As filed with the Securities and Exchange Commission on March 17, 2026
Registration No. 333-
UNITED STATES
SECURITIES AND EXCHANGE COMMISSION
WASHINGTON, DC 20549

FORM S-8
REGISTRATION STATEMENT
UNDER
THE SECURITIES ACT OF 1933
____________________________________________
X4 Pharmaceuticals, Inc.
(Exact name of registrant as specified in its charter)
___________________________________________
Delaware27-3181608
(State or Other Jurisdiction of
Incorporation or Organization)
(I.R.S. Employer
Identification No.)
61 North Beacon Street, 4th Floor
Boston, Massachusetts
02134
(Address of Principal Executive Offices)(Zip Code)
X4 Pharmaceuticals, Inc. Amended and Restated 2017 Equity Incentive Plan
(Full title of the plan)

Adam R. Craig, M.D., Ph.D.
Executive Chairman
X4 Pharmaceuticals, Inc.
61 North Beacon Street, 4th Floor
Boston, MA 02134
(857) 529-8300
(Name, address, including zip code, and telephone number, including area code, of agent for service)
_________________________________
Copies to:

Ryan A. Murr
Melanie Neary
Gibson, Dunn & Crutcher LLP
One Embarcadero Center, Suite 2600
San Francisco, CA 94111-3715
Telephone: (415) 393-8200

Indicate by check mark whether the registrant is a large accelerated filer, an accelerated filer, a non-accelerated filer, a smaller reporting company or an emerging growth company. See the definitions of “large accelerated filer,” “accelerated filer,” “smaller reporting company” and “emerging growth company” in Rule 12b-2 of the Exchange Act.
Large accelerated filerAccelerated filer
Non-accelerated filerSmaller reporting company
Emerging growth company
If an emerging growth company, indicate by check mark if the registrant has elected not to use the extended transition period for complying with any new or revised financial accounting standards provided pursuant to Section 7(a)(2)(B) of the Securities Act.
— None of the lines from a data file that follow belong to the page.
(* Let $\Pi$ be a program (possibly containing default negation $\neg$ and arbitrarily nested explicit negation $\sim$) and let $T$ be a consistent set of explicit literals. Then $T$ is an answer set of $\Pi$ if and only if $\langle T,T\rangle$ is an equilibrium model of $\Pi$ (viewing $\Pi$ as a theory of the logic ${\cal X}_5$).
   Context: Fix a set $\mathit{At}$ of atoms. An explicit literal is an atom $p$ or its explicit negation $\sim p$; a set of explicit literals is consistent if it does not contain both $p$ and $\sim p$ for any $p$. Nested expressions: $F ::= \top \mid \bot \mid p \mid F\vee F \mid F\wedge F \mid \neg F \mid \sim F$ ($p\in\mathit{At}$). A rule is $F\to G$ with $F,G$ nested expressions; a program is a set of rules; a program is explicit if it contains no $\neg$. Classical satisfaction/falsification of a nested expression by a consistent set $T$ of explicit literals: $T\models\top$, $T\not\models\bot$, $T\models p$ iff $p\in T$, $T\models\varphi\wedge\psi$ iff both, $T\models\varphi\vee\psi$ iff at least one, $T\models\sim\varphi$ iff $T=\!\!|\;\varphi$, $T\models\neg\varphi$ iff $T\not\models\varphi$; $T$ does not falsify $\top$, $T=\!\!|\;\bot$, $T=\!\!|\;p$ iff $\sim p\in T$, $T=\!\!|\;\varphi\wedge\psi$ iff $T$ falsifies at least one, $T=\!\!|\;\varphi\vee\psi$ iff $T$ falsifies both, $T=\!\!|\;\sim\varphi$ iff $T\models\varphi$, $T=\!\!|\;\neg\varphi$ iff $T\models\varphi$. $T$ is a model of a program if for every rule $F\to G$, $T\models F$ implies $T\models G$. Reduct of a nested expression w.r.t. $T$: $\top^T=\top$, $\bot^T=\bot$, $p^T=p$, $(F\wedge G)^T=F^T\wedge G^T$, $(F\vee G)^T=F^T\vee G^T$, $(\sim F)^T=\sim(F^T)$, $(\neg F)^T=\bot$ if $T\models F$ and $\top$ otherwise. $\Pi^T=\{F^T\to G^T \mid (F\to G)\in\Pi\}$. $T$ is an answer set of $\Pi$ if $T$ is a model of $\Pi^T$ and no consistent set $H\subsetneq T$ is a model of $\Pi^T$. Logic ${\cal X}_5$: formulas $\varphi ::= p\mid\bot\mid\varphi\wedge\varphi\mid\varphi\vee\varphi\mid\varphi\to\varphi\mid\sim\varphi$, with abbreviations $\neg\varphi:=\varphi\to\bot$, $\top:=\neg\bot$ (so nested expressions and rules are formulas, a program is a theory). An ${\cal X}_5$-interpretation is a pair $\langle H,T\rangle$ of consistent sets of explicit literals with $H\subseteq T$. Satisfaction $\models$ and falsification $=\!\!|\;$ are defined jointly: $\langle H,T\rangle\not\models\bot$, $\langle H,T\rangle=\!\!|\;\bot$; $\models p$ iff $p\in H$, $=\!\!|\;p$ iff $\sim p\in H$; $\models\varphi\wedge\psi$ iff both satisfied, $=\!\!|\;\varphi\wedge\psi$ iff at least one falsified; $\models\varphi\vee\psi$ iff at least one satisfied, $=\!\!|\;\varphi\vee\psi$ iff both falsified; $\models\sim\varphi$ iff $=\!\!|\;\varphi$, $=\!\!|\;\sim\varphi$ iff $\models\varphi$; $\langle H,T\rangle\models\varphi\to\psi$ iff (i) $\langle H,T\rangle\not\models\varphi$ or $\langle H,T\rangle\models\psi$, and (ii) $\langle T,T\rangle\not\models\varphi$ or $\langle T,T\rangle\models\psi$; $\langle H,T\rangle=\!\!|\;\varphi\to\psi$ iff $\langle T,T\rangle\models\varphi$ and $\langle H,T\rangle=\!\!|\;\psi$. $\langle H,T\rangle$ is a model of a theory $\Gamma$ if it satisfies every formula of $\Gamma$. A total interpretation $\langle T,T\rangle$ is an equilibrium model of $\Gamma$ if it is a model of $\Gamma$ and there is no model $\langle H,T\rangle$ of $\Gamma$ with $H\subsetneq T$. *)

(* Sets of explicit literals are boolean predicates lit -> bool;
   programs (sets of rules, possibly infinite) are predicates rule -> Prop. *)
From Stdlib Require Import Bool.
Set Implicit Arguments.

Section Defs.
Variable At : Type.

Inductive lit : Type := Pos (p : At) | Neg (p : At).

Definition litset := lit -> bool.

Definition consistent (T : litset) : Prop :=
  forall p, ~ (T (Pos p) = true /\ T (Neg p) = true).

Definition subset (H T : litset) : Prop := forall l, H l = true -> T l = true.
Definition psubset (H T : litset) : Prop :=
  subset H T /\ exists l, T l = true /\ H l = false.

Inductive nexp : Type :=
| NTop | NBot | NAtom (p : At)
| NOr (F G : nexp) | NAnd (F G : nexp)
| NNot (F : nexp)   (* default negation *)
| NSim (F : nexp).  (* explicit negation *)

Record rule : Type := Rule { body : nexp; head : nexp }.
Definition program := rule -> Prop.

Fixpoint csat (T : litset) (F : nexp) {struct F} : bool :=
  match F with
  | NTop => true
  | NBot => false
  | NAtom p => T (Pos p)
  | NAnd F G => csat T F && csat T G
  | NOr F G => csat T F || csat T G
  | NSim F => cfals T F
  | NNot F => negb (csat T F)
  end
with cfals (T : litset) (F : nexp) {struct F} : bool :=
  match F with
  | NTop => false
  | NBot => true
  | NAtom p => T (Neg p)
  | NAnd F G => cfals T F || cfals T G
  | NOr F G => cfals T F && cfals T G
  | NSim F => csat T F
  | NNot F => csat T F
  end.

Definition cmodel (T : litset) (P : program) : Prop :=
  forall r, P r -> csat T (body r) = true -> csat T (head r) = true.

Fixpoint reduct (T : litset) (F : nexp) : nexp :=
  match F with
  | NTop => NTop
  | NBot => NBot
  | NAtom p => NAtom p
  | NAnd F G => NAnd (reduct T F) (reduct T G)
  | NOr F G => NOr (reduct T F) (reduct T G)
  | NSim F => NSim (reduct T F)
  | NNot F => if csat T F then NBot else NTop
  end.

Definition reduct_rule (T : litset) (r : rule) : rule :=
  Rule (reduct T (body r)) (reduct T (head r)).

Definition reduct_prog (P : program) (T : litset) : program :=
  fun r' => exists r, P r /\ r' = reduct_rule T r.

Definition answer_set (P : program) (T : litset) : Prop :=
  consistent T /\ cmodel T (reduct_prog P T) /\
  ~ (exists H, consistent H /\ psubset H T /\ cmodel H (reduct_prog P T)).

Inductive form : Type :=
| FAtom (p : At) | FBot
| FAnd (a b : form) | FOr (a b : form) | FImp (a b : form) | FSim (a : form).

Definition FNeg (a : form) : form := FImp a FBot.
Definition FTop : form := FNeg FBot.

Fixpoint xsat (H T : litset) (f : form) {struct f} : bool :=
  match f with
  | FBot => false
  | FAtom p => H (Pos p)
  | FAnd a b => xsat H T a && xsat H T b
  | FOr a b => xsat H T a || xsat H T b
  | FSim a => xfals H T a
  | FImp a b => (negb (xsat H T a) || xsat H T b)
                && (negb (xsat T T a) || xsat T T b)
  end
with xfals (H T : litset) (f : form) {struct f} : bool :=
  match f with
  | FBot => true
  | FAtom p => H (Neg p)
  | FAnd a b => xfals H T a || xfals H T b
  | FOr a b => xfals H T a && xfals H T b
  | FSim a => xsat H T a
  | FImp a b => xsat T T a && xfals H T b
  end.

Fixpoint nexp2form (F : nexp) : form :=
  match F with
  | NTop => FTop
  | NBot => FBot
  | NAtom p => FAtom p
  | NAnd F G => FAnd (nexp2form F) (nexp2form G)
  | NOr F G => FOr (nexp2form F) (nexp2form G)
  | NSim F => FSim (nexp2form F)
  | NNot F => FNeg (nexp2form F)
  end.

Definition rule2form (r : rule) : form := FImp (nexp2form (body r)) (nexp2form (head r)).

Definition x5_interp (H T : litset) : Prop := consistent H /\ consistent T /\ subset H T.

Definition x5_model (H T : litset) (P : program) : Prop :=
  x5_interp H T /\ forall r, P r -> xsat H T (rule2form r) = true.

Definition equilibrium_model (P : program) (T : litset) : Prop :=
  x5_model T T P /\ ~ (exists H, psubset H T /\ x5_model H T P).

End Defs.

From Stdlib Require Import Bool Setoid.
Set Implicit Arguments.

(* Truth in the "here" world of an X5-interpretation <H,T> is persistent into
   the "there" world T, and on total interpretations X5 is classical logic.
   Hence default negation [~F] is evaluated at <H,T> exactly as its reduct
   w.r.t. T, so <H,T> satisfies a rule iff H satisfies its reduct and T
   satisfies the rule itself.  Models <H,T> of Pi are therefore the models H
   of Pi^T below a model T of Pi, and minimality of the total model <T,T> is
   minimality of T among the models of Pi^T. *)

Section AnswerSetsAsEquilibria.
Variable At : Type.
Implicit Types (H T : litset At) (F : nexp At) (P : program At).

Lemma subset_refl T : subset T T.
Proof. intros l; trivial. Qed.

Lemma xsat_persistent H T : subset H T -> forall f : form At,
  (xsat H T f = true -> xsat T T f = true) /\
  (xfals H T f = true -> xfals T T f = true).
Proof.
  intros HT f; induction f; simpl; split; intros X; try apply HT, X;
    rewrite ?andb_true_iff, ?orb_true_iff in *; intuition.
Qed.

Lemma xsat_total_nexp2form T F :
  xsat T T (nexp2form F) = csat T F /\ xfals T T (nexp2form F) = cfals T F.
Proof.
  induction F as [| |p|F1 [S1 F1'] F2 [S2 F2']|F1 [S1 F1'] F2 [S2 F2']|F [S F']|F [S F']];
    simpl; rewrite ?S1, ?F1', ?S2, ?F2', ?S, ?F'; auto.
  destruct (csat T F); auto.
Qed.

Lemma xsat_nexp2form_reduct H T : subset H T -> forall F,
  xsat H T (nexp2form F) = csat H (reduct T F) /\
  xfals H T (nexp2form F) = cfals H (reduct T F).
Proof.
  intros HT F.
  induction F as [| |p|F1 [S1 F1'] F2 [S2 F2']|F1 [S1 F1'] F2 [S2 F2']|F _|F [S F']];
    simpl; rewrite ?S1, ?F1', ?S2, ?F2', ?S, ?F'; auto.
  destruct (xsat_total_nexp2form T F) as [ST _]; rewrite ST.
  destruct (xsat_persistent HT (nexp2form F)) as [persist _]; rewrite ST in persist.
  destruct (csat T F); simpl; rewrite ?andb_false_r; auto.
  destruct (xsat H T (nexp2form F)); [discriminate (persist eq_refl) | auto].
Qed.

Lemma csat_reduct_self T F : csat T (reduct T F) = csat T F.
Proof.
  rewrite <- (proj1 (xsat_nexp2form_reduct (subset_refl T) F)).
  apply xsat_total_nexp2form.
Qed.

Lemma xsat_rule2form H T (r : rule At) : subset H T ->
  xsat H T (rule2form r) = true <->
  (csat H (reduct T (body r)) = true -> csat H (reduct T (head r)) = true) /\
  (csat T (body r) = true -> csat T (head r) = true).
Proof.
  intros HT; unfold rule2form; simpl.
  rewrite (proj1 (xsat_nexp2form_reduct HT (body r))),
    (proj1 (xsat_nexp2form_reduct HT (head r))),
    (proj1 (xsat_total_nexp2form T (body r))),
    (proj1 (xsat_total_nexp2form T (head r))).
  destruct (csat H (reduct T (body r))), (csat H (reduct T (head r))),
    (csat T (body r)), (csat T (head r)); simpl; intuition.
Qed.

Lemma cmodel_reduct_progE H T P :
  cmodel H (reduct_prog P T) <-> forall r, P r ->
    csat H (reduct T (body r)) = true -> csat H (reduct T (head r)) = true.
Proof.
  split.
  - intros M r Pr; apply (M (reduct_rule T r)); exists r; auto.
  - intros M r' [r [Pr ->]]; apply M, Pr.
Qed.

Lemma cmodel_reduct_prog_self T P : cmodel T (reduct_prog P T) <-> cmodel T P.
Proof.
  rewrite cmodel_reduct_progE; unfold cmodel.
  setoid_rewrite csat_reduct_self; tauto.
Qed.

Lemma x5_model_reduct H T P : consistent T -> subset H T ->
  x5_model H T P <-> consistent H /\ cmodel H (reduct_prog P T) /\ cmodel T P.
Proof.
  intros CT HT; unfold x5_model, x5_interp; rewrite cmodel_reduct_progE.
  setoid_rewrite (fun r => xsat_rule2form r HT); unfold cmodel; firstorder.
Qed.

Lemma x5_model_total T P : consistent T ->
  x5_model T T P <-> cmodel T (reduct_prog P T).
Proof.
  intros CT; rewrite x5_model_reduct, cmodel_reduct_prog_self by auto using subset_refl.
  tauto.
Qed.

End AnswerSetsAsEquilibria.

Theorem theorem3 (At : Type) (P : program At) (T : litset At) :
  consistent T -> (answer_set P T <-> equilibrium_model P T).
Proof.
  intros CT; unfold answer_set, equilibrium_model.
  rewrite x5_model_total by exact CT.
  assert (below_T : forall H, psubset H T -> cmodel T (reduct_prog P T) ->
    x5_model H T P <-> consistent H /\ cmodel H (reduct_prog P T)).
  { intros H [HT _] MT; rewrite cmodel_reduct_prog_self in MT.
    rewrite x5_model_reduct by assumption; tauto. }
  split.
  - intros [_ [MT no_smaller]]; split; [exact MT|].
    intros [H [HT MH]]; apply no_smaller; exists H.
    apply below_T in MH as [CH MH]; auto.
  - intros [MT no_smaller]; split; [exact CT|split; [exact MT|]].
    intros [H [CH [HT MH]]]; apply no_smaller; exists H.
    split; [exact HT|apply below_T; auto].
Qed.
INCORPORATION OF DOCUMENTS BY REFERENCE



This Registration Statement on Form S-8 is being filed by X4 Pharmaceuticals, Inc. (the “Company” or the “Registrant”) relating to 5,136,276 shares of its common stock, par value $0.001 per share (the “Common Stock”) available for issuance pursuant to future awards to eligible persons under the Registrant’s Amended and Restated 2017 Equity Incentive Plan (the “2017 Plan”).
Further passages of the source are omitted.